YOUR OBJECTIVE -> In the entries below, find the line with "(* Let $G=(U,V,E)$" and the line with "Minimality of (A, B)". Return those two lines and all lines between them, exactly.

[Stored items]
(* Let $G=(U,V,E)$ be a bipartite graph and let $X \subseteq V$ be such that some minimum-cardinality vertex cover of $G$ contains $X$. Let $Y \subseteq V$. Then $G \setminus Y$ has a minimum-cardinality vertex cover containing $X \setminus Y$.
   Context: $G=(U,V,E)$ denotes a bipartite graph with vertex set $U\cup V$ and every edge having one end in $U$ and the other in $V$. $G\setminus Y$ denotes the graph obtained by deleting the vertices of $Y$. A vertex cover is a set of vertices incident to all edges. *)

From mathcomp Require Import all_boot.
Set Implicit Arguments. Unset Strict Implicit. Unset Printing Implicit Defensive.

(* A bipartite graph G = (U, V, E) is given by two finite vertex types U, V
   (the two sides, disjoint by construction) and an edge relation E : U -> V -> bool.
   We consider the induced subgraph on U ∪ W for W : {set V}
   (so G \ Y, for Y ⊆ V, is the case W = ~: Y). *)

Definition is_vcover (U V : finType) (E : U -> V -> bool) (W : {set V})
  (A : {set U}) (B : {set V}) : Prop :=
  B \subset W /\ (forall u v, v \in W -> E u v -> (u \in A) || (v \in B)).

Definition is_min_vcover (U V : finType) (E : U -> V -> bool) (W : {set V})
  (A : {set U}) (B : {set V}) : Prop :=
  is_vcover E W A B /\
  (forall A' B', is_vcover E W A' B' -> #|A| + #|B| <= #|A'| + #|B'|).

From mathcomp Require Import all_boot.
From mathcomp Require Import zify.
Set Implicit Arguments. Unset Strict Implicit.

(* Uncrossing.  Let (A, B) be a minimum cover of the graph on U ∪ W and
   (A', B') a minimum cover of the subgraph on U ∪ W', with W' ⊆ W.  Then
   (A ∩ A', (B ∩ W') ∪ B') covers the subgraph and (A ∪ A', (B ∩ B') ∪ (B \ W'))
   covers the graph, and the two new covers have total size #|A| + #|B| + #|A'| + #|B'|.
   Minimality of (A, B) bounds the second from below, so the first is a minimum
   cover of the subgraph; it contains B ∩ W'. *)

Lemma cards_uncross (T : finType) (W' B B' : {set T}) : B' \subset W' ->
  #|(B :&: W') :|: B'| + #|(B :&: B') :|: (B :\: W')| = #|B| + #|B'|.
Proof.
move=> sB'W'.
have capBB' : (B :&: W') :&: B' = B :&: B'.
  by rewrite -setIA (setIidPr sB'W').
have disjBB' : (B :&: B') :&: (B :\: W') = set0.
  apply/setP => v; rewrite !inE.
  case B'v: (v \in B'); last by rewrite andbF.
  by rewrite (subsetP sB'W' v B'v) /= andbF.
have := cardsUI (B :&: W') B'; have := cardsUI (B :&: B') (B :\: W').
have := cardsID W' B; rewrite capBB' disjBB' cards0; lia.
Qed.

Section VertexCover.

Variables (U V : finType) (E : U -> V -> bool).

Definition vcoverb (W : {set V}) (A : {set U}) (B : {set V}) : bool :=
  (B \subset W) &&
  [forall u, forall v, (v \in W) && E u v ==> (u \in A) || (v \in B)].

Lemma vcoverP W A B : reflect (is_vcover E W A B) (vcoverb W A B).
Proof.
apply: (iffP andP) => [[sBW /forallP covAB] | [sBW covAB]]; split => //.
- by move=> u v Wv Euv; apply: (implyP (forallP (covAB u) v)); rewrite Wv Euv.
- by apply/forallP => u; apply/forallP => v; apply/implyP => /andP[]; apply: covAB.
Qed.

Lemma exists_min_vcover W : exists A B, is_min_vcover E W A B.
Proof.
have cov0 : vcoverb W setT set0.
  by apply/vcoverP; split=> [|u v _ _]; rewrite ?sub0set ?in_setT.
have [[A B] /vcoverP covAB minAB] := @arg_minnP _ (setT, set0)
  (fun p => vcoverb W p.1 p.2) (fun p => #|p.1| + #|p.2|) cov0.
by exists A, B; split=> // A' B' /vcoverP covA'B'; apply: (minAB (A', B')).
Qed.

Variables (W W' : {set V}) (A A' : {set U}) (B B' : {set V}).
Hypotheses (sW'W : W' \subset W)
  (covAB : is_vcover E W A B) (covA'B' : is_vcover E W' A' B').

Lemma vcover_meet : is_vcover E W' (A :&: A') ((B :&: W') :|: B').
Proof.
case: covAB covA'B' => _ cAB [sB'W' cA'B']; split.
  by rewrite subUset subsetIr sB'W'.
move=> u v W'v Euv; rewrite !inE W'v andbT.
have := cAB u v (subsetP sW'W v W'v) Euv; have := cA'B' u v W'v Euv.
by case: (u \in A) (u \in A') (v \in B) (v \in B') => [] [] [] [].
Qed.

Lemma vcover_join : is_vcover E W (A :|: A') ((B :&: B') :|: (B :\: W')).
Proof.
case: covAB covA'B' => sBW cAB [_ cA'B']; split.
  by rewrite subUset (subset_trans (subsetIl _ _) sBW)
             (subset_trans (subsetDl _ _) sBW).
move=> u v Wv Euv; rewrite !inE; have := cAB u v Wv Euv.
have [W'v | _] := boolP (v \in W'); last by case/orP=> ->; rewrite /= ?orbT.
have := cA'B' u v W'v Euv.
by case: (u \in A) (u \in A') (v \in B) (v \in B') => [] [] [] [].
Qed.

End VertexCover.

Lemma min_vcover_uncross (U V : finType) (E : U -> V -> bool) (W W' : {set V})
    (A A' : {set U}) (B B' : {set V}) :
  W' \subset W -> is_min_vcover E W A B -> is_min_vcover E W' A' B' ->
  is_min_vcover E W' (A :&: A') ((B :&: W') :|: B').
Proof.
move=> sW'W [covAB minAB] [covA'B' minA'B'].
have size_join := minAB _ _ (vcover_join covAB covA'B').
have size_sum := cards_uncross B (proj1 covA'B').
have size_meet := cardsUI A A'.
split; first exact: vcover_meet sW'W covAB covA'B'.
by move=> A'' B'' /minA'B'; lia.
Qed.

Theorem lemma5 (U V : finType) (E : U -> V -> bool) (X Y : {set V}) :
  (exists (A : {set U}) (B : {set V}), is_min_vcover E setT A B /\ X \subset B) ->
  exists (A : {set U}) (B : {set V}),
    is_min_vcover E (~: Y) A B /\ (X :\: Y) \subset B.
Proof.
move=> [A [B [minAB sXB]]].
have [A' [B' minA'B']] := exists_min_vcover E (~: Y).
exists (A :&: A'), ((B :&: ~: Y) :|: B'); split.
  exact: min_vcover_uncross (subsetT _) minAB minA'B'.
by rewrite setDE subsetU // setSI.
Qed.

--

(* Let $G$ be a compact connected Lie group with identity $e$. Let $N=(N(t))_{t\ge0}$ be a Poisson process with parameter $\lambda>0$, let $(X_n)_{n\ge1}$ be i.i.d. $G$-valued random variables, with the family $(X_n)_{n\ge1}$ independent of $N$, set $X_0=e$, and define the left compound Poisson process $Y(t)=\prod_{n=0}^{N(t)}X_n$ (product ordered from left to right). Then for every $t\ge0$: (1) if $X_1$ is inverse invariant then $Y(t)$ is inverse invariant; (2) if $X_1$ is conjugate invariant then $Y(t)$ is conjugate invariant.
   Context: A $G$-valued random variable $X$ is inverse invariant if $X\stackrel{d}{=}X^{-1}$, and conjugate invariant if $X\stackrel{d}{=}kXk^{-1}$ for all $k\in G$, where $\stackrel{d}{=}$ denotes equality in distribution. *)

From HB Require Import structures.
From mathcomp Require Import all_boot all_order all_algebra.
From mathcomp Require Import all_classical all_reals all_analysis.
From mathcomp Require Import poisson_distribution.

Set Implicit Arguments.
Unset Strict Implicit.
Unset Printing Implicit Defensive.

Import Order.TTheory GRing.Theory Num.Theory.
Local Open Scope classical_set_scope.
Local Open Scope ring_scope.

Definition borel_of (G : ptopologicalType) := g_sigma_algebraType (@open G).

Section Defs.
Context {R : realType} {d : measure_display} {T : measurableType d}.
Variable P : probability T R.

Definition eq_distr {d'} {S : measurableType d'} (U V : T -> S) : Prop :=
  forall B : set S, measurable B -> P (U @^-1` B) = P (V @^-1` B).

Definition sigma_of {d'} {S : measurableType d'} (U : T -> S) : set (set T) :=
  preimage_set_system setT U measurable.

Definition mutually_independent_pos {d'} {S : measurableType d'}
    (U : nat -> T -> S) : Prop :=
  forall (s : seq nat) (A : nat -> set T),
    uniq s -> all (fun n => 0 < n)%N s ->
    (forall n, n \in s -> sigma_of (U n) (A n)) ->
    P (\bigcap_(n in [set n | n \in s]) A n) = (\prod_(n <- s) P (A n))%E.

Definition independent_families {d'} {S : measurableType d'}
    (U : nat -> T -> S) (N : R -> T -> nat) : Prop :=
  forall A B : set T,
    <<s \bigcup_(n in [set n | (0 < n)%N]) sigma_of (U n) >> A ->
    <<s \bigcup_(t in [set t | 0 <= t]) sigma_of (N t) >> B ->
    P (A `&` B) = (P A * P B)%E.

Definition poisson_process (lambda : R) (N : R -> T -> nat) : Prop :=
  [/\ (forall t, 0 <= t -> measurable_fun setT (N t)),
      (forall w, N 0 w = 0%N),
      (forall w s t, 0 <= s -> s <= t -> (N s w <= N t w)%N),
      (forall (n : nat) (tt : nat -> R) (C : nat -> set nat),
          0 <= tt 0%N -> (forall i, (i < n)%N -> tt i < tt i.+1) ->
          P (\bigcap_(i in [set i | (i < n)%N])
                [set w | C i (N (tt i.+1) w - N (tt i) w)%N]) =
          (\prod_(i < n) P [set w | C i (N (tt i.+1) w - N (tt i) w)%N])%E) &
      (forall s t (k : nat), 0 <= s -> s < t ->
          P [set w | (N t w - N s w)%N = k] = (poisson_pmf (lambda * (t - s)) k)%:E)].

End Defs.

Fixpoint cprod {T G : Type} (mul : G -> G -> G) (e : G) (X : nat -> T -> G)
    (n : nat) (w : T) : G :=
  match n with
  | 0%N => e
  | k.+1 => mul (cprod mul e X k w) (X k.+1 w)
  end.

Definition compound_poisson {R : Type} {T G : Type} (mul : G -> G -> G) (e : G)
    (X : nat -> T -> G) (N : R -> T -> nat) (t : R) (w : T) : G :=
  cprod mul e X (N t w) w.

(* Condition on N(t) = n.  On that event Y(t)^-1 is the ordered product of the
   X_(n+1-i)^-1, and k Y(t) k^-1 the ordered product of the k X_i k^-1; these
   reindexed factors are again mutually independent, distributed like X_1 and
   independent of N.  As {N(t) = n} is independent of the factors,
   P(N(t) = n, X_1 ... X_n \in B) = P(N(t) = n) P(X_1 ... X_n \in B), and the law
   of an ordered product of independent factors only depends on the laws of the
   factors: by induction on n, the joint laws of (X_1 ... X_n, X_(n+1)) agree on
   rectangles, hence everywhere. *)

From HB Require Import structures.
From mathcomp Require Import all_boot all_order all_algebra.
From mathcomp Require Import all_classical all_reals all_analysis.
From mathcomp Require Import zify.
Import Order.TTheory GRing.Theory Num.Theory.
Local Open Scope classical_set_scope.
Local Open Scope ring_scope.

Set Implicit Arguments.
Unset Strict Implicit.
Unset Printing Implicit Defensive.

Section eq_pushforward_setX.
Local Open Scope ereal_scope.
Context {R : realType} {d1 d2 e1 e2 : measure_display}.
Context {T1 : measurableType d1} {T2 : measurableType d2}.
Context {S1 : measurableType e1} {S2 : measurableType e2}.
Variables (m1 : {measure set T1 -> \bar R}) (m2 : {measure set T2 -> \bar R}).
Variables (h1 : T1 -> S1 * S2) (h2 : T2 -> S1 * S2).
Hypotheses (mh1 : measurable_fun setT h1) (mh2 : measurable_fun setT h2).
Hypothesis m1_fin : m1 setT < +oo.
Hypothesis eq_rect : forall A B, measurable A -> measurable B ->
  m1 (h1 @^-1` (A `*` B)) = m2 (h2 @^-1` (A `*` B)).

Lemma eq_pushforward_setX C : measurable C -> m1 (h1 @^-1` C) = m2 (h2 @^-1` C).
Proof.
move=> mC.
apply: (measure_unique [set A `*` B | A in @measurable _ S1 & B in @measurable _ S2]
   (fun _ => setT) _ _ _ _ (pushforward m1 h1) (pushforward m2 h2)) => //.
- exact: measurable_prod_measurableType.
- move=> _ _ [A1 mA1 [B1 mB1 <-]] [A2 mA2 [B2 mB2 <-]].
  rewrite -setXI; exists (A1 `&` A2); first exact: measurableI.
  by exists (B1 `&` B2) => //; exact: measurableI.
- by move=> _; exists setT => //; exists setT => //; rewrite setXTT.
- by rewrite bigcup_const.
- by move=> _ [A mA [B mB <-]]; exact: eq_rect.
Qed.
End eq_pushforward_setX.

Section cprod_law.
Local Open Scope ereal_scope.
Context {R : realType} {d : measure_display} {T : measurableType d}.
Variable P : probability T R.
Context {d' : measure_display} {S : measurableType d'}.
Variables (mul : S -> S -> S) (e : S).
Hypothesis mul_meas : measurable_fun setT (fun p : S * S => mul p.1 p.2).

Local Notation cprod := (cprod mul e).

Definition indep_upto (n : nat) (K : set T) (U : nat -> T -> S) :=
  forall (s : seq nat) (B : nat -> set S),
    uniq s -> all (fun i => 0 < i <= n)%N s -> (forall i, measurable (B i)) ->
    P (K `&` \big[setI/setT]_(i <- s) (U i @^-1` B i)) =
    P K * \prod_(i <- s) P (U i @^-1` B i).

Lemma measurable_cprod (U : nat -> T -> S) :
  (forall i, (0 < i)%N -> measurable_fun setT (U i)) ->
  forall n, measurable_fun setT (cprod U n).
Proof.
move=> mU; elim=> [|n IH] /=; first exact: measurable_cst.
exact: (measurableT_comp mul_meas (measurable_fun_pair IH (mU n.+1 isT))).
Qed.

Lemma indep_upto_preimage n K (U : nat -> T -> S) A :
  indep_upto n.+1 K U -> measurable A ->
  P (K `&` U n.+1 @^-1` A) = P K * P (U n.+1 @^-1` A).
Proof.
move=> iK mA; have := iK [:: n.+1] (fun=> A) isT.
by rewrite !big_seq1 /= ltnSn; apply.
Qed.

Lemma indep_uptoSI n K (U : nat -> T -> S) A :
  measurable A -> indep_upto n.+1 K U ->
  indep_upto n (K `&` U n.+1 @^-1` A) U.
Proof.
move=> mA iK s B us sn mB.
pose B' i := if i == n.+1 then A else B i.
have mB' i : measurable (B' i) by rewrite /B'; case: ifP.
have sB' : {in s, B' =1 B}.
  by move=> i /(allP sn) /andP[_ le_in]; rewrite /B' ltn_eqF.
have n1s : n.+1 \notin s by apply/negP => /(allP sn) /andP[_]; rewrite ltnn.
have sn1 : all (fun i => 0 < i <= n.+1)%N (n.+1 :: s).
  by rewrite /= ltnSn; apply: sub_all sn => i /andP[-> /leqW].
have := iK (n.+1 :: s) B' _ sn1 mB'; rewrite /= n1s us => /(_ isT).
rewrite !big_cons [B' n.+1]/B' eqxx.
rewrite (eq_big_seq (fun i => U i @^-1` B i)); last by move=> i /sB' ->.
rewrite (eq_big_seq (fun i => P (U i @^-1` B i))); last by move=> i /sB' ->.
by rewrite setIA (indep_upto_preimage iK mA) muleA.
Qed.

ANSWER SECTION ->
(* Let $G=(U,V,E)$ be a bipartite graph and let $X \subseteq V$ be such that some minimum-cardinality vertex cover of $G$ contains $X$. Let $Y \subseteq V$. Then $G \setminus Y$ has a minimum-cardinality vertex cover containing $X \setminus Y$.
   Context: $G=(U,V,E)$ denotes a bipartite graph with vertex set $U\cup V$ and every edge having one end in $U$ and the other in $V$. $G\setminus Y$ denotes the graph obtained by deleting the vertices of $Y$. A vertex cover is a set of vertices incident to all edges. *)

From mathcomp Require Import all_boot.
Set Implicit Arguments. Unset Strict Implicit. Unset Printing Implicit Defensive.

(* A bipartite graph G = (U, V, E) is given by two finite vertex types U, V
   (the two sides, disjoint by construction) and an edge relation E : U -> V -> bool.
   We consider the induced subgraph on U ∪ W for W : {set V}
   (so G \ Y, for Y ⊆ V, is the case W = ~: Y). *)

Definition is_vcover (U V : finType) (E : U -> V -> bool) (W : {set V})
  (A : {set U}) (B : {set V}) : Prop :=
  B \subset W /\ (forall u v, v \in W -> E u v -> (u \in A) || (v \in B)).

Definition is_min_vcover (U V : finType) (E : U -> V -> bool) (W : {set V})
  (A : {set U}) (B : {set V}) : Prop :=
  is_vcover E W A B /\
  (forall A' B', is_vcover E W A' B' -> #|A| + #|B| <= #|A'| + #|B'|).

From mathcomp Require Import all_boot.
From mathcomp Require Import zify.
Set Implicit Arguments. Unset Strict Implicit.

(* Uncrossing.  Let (A, B) be a minimum cover of the graph on U ∪ W and
   (A', B') a minimum cover of the subgraph on U ∪ W', with W' ⊆ W.  Then
   (A ∩ A', (B ∩ W') ∪ B') covers the subgraph and (A ∪ A', (B ∩ B') ∪ (B \ W'))
   covers the graph, and the two new covers have total size #|A| + #|B| + #|A'| + #|B'|.
   Minimality of (A, B) bounds the second from below, so the first is a minimum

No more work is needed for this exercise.